[Dataset entries]
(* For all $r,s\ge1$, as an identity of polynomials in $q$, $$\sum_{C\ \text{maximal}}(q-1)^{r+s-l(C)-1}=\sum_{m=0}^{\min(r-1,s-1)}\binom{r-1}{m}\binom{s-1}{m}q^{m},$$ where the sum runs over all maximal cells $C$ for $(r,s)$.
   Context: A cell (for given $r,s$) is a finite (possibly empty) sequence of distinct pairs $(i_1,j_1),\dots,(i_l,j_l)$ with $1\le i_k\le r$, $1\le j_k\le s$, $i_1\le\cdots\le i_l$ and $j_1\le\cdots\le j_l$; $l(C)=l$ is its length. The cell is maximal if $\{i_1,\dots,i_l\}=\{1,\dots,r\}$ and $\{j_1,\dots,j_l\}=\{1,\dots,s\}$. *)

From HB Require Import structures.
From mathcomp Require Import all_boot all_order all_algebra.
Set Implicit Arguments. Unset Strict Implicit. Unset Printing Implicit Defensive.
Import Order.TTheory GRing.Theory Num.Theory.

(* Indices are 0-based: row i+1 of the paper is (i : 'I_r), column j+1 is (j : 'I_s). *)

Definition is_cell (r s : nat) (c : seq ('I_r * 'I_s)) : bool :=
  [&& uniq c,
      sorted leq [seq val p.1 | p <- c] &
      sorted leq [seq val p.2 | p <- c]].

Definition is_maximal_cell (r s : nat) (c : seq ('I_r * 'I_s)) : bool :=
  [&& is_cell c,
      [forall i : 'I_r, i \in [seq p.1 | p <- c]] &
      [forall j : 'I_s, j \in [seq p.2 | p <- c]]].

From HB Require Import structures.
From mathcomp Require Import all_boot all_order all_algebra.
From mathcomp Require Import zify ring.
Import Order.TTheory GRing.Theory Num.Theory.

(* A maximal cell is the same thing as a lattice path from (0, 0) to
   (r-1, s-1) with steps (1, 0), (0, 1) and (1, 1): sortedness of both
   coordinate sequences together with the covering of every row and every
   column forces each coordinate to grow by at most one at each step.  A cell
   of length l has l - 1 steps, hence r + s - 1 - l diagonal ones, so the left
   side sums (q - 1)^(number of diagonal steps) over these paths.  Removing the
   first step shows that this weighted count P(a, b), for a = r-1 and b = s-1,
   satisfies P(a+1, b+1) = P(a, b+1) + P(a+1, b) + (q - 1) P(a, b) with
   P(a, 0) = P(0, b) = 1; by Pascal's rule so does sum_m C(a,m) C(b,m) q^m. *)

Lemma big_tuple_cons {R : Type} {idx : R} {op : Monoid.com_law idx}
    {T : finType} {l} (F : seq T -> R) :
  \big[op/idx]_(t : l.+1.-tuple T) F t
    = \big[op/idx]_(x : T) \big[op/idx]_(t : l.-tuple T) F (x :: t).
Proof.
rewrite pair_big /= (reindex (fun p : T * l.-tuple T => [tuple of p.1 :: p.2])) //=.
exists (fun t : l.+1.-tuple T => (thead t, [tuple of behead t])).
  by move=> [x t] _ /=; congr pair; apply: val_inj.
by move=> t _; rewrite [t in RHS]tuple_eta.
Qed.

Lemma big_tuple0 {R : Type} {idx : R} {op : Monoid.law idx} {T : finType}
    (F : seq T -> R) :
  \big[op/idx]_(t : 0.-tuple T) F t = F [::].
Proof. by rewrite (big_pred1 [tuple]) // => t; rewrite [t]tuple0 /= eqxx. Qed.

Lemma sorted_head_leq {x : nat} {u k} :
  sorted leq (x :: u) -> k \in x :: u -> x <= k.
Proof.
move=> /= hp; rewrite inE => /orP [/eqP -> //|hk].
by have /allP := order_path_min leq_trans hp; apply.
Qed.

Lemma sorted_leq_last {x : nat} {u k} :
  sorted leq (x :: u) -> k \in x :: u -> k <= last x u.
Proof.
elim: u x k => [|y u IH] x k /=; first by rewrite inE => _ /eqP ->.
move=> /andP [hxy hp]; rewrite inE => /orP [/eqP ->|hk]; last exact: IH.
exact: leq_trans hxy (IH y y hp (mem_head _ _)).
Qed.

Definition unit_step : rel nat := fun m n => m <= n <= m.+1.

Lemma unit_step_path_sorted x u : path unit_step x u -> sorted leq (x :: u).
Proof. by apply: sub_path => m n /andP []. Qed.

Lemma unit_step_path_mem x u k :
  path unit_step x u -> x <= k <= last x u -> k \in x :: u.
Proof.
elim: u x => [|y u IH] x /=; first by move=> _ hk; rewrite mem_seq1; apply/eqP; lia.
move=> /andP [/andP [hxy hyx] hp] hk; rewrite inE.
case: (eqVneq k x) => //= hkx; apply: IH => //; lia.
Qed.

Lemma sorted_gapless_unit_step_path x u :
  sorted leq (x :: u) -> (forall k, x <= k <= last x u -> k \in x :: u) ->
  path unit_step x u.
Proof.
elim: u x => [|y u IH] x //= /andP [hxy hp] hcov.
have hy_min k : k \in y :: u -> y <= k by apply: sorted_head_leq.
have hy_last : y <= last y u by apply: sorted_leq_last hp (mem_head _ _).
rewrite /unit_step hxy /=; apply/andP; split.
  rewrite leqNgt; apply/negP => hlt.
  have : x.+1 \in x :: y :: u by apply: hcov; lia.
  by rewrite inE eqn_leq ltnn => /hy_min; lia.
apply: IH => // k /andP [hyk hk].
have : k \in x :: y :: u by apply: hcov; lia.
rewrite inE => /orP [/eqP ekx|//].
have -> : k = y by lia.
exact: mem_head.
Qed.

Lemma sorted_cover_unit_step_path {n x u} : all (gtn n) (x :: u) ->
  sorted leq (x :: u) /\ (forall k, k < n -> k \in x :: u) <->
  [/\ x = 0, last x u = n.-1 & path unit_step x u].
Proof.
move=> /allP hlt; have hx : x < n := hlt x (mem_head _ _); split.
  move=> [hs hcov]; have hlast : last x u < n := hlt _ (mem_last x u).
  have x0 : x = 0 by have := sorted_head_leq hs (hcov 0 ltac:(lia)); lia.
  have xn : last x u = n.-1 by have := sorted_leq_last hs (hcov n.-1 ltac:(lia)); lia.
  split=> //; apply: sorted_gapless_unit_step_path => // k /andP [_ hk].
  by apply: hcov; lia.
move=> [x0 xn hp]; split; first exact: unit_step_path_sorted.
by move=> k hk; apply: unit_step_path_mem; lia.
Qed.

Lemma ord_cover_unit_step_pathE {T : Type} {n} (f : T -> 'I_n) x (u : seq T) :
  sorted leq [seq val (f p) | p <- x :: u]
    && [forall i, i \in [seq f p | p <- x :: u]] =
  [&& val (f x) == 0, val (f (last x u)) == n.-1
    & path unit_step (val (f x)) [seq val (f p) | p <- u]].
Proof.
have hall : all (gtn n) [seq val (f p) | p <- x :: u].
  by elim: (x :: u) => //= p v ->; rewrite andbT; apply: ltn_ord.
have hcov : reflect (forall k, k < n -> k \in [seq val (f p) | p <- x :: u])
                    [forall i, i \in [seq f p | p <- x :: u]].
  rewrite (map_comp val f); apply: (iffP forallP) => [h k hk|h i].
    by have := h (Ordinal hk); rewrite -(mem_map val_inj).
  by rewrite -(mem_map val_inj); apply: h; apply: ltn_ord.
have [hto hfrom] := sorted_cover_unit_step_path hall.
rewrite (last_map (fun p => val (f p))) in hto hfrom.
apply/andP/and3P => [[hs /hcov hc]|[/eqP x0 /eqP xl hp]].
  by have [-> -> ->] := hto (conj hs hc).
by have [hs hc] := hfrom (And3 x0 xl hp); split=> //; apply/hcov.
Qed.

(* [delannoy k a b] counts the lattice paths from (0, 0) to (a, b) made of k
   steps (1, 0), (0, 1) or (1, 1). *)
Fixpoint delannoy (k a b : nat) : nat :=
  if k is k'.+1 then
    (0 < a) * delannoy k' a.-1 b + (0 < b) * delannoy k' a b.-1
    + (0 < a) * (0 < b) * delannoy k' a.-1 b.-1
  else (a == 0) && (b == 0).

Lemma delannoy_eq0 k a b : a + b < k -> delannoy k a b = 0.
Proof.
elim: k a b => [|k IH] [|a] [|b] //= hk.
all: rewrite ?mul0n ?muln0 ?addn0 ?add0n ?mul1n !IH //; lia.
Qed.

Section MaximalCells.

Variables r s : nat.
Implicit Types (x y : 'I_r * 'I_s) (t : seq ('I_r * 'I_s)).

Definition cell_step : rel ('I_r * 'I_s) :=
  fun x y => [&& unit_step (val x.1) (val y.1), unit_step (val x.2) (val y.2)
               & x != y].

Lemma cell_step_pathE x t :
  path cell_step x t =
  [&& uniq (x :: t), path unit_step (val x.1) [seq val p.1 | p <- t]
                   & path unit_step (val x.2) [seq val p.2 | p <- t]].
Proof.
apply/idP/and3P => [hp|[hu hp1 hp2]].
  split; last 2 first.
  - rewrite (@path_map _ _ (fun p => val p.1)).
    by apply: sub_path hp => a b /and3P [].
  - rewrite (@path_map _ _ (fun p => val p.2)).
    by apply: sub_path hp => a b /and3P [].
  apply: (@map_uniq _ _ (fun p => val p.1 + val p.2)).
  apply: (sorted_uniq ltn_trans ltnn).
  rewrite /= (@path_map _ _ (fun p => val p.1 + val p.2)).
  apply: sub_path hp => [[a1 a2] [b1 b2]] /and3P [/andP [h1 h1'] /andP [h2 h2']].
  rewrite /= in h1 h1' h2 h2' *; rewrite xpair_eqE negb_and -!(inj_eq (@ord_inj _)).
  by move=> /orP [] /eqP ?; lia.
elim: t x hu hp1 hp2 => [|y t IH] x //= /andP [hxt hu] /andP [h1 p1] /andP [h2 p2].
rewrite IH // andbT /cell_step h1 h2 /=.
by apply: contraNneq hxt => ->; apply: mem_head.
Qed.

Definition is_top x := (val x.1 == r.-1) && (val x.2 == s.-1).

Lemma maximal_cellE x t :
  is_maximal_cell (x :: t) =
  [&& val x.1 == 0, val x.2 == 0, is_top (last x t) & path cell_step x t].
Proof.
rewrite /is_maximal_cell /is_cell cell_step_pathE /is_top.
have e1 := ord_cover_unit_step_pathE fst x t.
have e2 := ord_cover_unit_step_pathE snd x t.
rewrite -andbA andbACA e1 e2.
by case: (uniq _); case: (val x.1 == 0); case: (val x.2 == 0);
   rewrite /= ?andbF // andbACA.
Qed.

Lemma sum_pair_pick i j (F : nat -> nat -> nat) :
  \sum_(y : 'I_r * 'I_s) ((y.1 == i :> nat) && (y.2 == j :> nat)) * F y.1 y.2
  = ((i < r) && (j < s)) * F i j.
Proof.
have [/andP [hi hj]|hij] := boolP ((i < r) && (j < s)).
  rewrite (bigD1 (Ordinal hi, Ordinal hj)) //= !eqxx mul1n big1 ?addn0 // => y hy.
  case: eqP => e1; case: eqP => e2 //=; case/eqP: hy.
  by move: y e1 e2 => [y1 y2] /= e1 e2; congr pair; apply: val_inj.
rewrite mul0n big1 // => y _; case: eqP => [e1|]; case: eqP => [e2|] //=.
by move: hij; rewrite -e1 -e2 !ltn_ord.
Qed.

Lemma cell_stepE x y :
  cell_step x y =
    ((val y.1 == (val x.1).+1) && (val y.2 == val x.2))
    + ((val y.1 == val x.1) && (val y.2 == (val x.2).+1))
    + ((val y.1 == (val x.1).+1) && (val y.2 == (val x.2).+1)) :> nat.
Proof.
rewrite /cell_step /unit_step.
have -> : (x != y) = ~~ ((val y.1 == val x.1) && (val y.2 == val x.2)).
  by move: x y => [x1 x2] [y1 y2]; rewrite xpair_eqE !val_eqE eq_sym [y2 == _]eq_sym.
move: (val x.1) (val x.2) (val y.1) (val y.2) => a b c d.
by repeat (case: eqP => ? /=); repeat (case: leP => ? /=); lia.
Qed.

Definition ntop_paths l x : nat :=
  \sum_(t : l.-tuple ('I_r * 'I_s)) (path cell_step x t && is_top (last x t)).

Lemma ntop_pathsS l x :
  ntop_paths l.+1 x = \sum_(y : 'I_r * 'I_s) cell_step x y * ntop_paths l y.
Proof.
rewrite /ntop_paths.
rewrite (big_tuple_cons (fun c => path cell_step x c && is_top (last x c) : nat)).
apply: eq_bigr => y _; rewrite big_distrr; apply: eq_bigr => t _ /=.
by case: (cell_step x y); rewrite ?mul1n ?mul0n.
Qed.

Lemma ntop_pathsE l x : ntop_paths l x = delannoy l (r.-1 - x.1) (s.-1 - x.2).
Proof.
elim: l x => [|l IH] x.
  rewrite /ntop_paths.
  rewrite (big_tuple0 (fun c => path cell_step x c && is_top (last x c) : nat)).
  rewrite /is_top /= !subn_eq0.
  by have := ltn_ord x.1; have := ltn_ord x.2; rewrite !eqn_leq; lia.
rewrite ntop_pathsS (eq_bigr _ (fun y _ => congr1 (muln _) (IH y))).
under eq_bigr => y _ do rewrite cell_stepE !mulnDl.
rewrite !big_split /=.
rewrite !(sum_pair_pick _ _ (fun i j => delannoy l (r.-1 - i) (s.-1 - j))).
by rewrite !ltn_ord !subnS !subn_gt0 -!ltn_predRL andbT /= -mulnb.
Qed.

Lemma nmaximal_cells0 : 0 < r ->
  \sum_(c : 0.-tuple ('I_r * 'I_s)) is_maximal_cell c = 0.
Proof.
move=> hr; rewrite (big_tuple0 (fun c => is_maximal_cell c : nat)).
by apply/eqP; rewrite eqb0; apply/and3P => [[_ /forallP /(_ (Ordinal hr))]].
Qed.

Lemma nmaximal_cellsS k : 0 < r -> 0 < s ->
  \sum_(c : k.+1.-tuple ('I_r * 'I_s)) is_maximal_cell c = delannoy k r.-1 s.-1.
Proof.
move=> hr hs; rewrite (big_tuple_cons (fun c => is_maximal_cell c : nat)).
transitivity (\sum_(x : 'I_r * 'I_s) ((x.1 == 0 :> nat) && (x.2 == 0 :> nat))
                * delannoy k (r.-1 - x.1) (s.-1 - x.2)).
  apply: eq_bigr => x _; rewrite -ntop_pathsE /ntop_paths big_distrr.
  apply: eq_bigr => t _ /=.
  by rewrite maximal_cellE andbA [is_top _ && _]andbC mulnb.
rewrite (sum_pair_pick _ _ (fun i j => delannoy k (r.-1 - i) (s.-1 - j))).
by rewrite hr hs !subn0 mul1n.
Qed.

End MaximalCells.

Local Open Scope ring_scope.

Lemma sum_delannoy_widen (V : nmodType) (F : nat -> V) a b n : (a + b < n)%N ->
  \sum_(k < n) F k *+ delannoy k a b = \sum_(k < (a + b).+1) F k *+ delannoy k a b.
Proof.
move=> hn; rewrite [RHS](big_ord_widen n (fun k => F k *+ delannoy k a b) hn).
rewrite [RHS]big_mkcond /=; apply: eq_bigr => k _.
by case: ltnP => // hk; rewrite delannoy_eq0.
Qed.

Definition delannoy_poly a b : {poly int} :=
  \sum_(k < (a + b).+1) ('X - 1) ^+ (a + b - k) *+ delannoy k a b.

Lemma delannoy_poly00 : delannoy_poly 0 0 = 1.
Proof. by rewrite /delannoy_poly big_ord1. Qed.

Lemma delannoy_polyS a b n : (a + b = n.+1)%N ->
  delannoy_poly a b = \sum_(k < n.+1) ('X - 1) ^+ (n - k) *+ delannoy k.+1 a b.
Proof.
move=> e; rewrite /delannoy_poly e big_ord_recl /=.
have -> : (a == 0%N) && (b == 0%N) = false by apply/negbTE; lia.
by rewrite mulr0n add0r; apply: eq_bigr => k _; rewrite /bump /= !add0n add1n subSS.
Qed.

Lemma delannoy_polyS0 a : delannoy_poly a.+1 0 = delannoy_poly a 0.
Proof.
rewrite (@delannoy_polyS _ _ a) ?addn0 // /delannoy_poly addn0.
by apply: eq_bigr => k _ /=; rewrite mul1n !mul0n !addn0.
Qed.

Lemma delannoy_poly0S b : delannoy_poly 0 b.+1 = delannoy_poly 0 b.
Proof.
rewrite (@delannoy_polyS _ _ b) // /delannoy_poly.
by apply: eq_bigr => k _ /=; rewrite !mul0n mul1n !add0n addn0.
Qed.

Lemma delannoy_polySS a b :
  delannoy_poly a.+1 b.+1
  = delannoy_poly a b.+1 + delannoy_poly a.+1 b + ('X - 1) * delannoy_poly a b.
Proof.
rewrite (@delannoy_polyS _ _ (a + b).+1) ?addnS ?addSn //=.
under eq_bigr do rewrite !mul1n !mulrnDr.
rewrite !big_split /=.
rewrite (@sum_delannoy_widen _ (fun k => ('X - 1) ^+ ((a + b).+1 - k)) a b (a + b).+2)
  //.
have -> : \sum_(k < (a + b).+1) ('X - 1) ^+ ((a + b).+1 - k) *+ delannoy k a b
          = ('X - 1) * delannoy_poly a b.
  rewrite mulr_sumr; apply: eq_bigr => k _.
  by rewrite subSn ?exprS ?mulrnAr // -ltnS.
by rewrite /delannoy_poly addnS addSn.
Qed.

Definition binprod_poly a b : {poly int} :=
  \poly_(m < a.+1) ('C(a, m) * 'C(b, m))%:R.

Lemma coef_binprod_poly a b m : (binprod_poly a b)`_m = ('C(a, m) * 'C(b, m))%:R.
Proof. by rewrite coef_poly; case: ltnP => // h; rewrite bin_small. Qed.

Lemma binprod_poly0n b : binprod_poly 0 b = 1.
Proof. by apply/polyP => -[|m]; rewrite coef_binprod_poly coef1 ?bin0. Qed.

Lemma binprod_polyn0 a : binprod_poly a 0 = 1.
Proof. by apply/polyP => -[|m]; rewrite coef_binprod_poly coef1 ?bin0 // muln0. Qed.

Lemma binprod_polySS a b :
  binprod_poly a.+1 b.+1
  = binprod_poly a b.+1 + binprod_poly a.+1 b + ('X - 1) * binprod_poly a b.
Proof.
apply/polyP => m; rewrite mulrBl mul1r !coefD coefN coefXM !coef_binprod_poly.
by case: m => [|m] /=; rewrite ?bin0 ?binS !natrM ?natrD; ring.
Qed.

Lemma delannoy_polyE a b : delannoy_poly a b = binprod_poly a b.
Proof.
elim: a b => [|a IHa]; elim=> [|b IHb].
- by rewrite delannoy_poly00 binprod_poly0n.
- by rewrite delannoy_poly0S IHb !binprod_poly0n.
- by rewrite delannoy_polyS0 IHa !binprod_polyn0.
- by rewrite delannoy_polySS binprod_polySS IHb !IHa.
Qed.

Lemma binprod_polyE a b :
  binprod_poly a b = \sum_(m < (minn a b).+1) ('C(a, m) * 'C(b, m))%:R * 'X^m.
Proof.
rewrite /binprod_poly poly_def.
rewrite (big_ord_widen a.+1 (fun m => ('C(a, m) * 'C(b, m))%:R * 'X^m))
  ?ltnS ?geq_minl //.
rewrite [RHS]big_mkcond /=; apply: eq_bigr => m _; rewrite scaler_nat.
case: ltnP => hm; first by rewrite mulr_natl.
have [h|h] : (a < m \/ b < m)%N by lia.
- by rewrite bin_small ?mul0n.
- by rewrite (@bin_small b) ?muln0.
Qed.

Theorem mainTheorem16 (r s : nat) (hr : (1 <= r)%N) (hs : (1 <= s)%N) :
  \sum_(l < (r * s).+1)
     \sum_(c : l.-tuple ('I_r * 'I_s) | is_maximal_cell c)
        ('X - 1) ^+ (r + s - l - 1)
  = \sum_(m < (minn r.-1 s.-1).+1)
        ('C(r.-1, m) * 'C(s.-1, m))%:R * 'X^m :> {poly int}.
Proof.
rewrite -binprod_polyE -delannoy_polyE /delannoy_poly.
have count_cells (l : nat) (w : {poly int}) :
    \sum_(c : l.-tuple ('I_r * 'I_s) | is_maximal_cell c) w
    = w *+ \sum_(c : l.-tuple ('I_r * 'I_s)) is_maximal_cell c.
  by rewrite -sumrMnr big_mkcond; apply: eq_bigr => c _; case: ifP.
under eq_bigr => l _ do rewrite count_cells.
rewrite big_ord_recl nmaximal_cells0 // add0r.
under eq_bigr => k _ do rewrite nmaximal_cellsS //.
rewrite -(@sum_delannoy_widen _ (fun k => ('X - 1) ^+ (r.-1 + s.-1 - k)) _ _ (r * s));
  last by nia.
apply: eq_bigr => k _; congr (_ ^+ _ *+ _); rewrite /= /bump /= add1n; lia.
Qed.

[WHAT YOU NEED TO DO]:
Copy the lines of the data above exactly as written, beginning with the line containing "Context: A cell" and ending with the line containing "P(a, 0) = P(0, b)", and leave out all other lines.

[OUTPUT OF THE TASK]:
   Context: A cell (for given $r,s$) is a finite (possibly empty) sequence of distinct pairs $(i_1,j_1),\dots,(i_l,j_l)$ with $1\le i_k\le r$, $1\le j_k\le s$, $i_1\le\cdots\le i_l$ and $j_1\le\cdots\le j_l$; $l(C)=l$ is its length. The cell is maximal if $\{i_1,\dots,i_l\}=\{1,\dots,r\}$ and $\{j_1,\dots,j_l\}=\{1,\dots,s\}$. *)

From HB Require Import structures.
From mathcomp Require Import all_boot all_order all_algebra.
Set Implicit Arguments. Unset Strict Implicit. Unset Printing Implicit Defensive.
Import Order.TTheory GRing.Theory Num.Theory.

(* Indices are 0-based: row i+1 of the paper is (i : 'I_r), column j+1 is (j : 'I_s). *)

Definition is_cell (r s : nat) (c : seq ('I_r * 'I_s)) : bool :=
  [&& uniq c,
      sorted leq [seq val p.1 | p <- c] &
      sorted leq [seq val p.2 | p <- c]].

Definition is_maximal_cell (r s : nat) (c : seq ('I_r * 'I_s)) : bool :=
  [&& is_cell c,
      [forall i : 'I_r, i \in [seq p.1 | p <- c]] &
      [forall j : 'I_s, j \in [seq p.2 | p <- c]]].

From HB Require Import structures.
From mathcomp Require Import all_boot all_order all_algebra.
From mathcomp Require Import zify ring.
Import Order.TTheory GRing.Theory Num.Theory.

(* A maximal cell is the same thing as a lattice path from (0, 0) to
   (r-1, s-1) with steps (1, 0), (0, 1) and (1, 1): sortedness of both
   coordinate sequences together with the covering of every row and every
   column forces each coordinate to grow by at most one at each step.  A cell
   of length l has l - 1 steps, hence r + s - 1 - l diagonal ones, so the left
   side sums (q - 1)^(number of diagonal steps) over these paths.  Removing the
   first step shows that this weighted count P(a, b), for a = r-1 and b = s-1,
   satisfies P(a+1, b+1) = P(a, b+1) + P(a+1, b) + (q - 1) P(a, b) with
   P(a, 0) = P(0, b) = 1; by Pascal's rule so does sum_m C(a,m) C(b,m) q^m. *)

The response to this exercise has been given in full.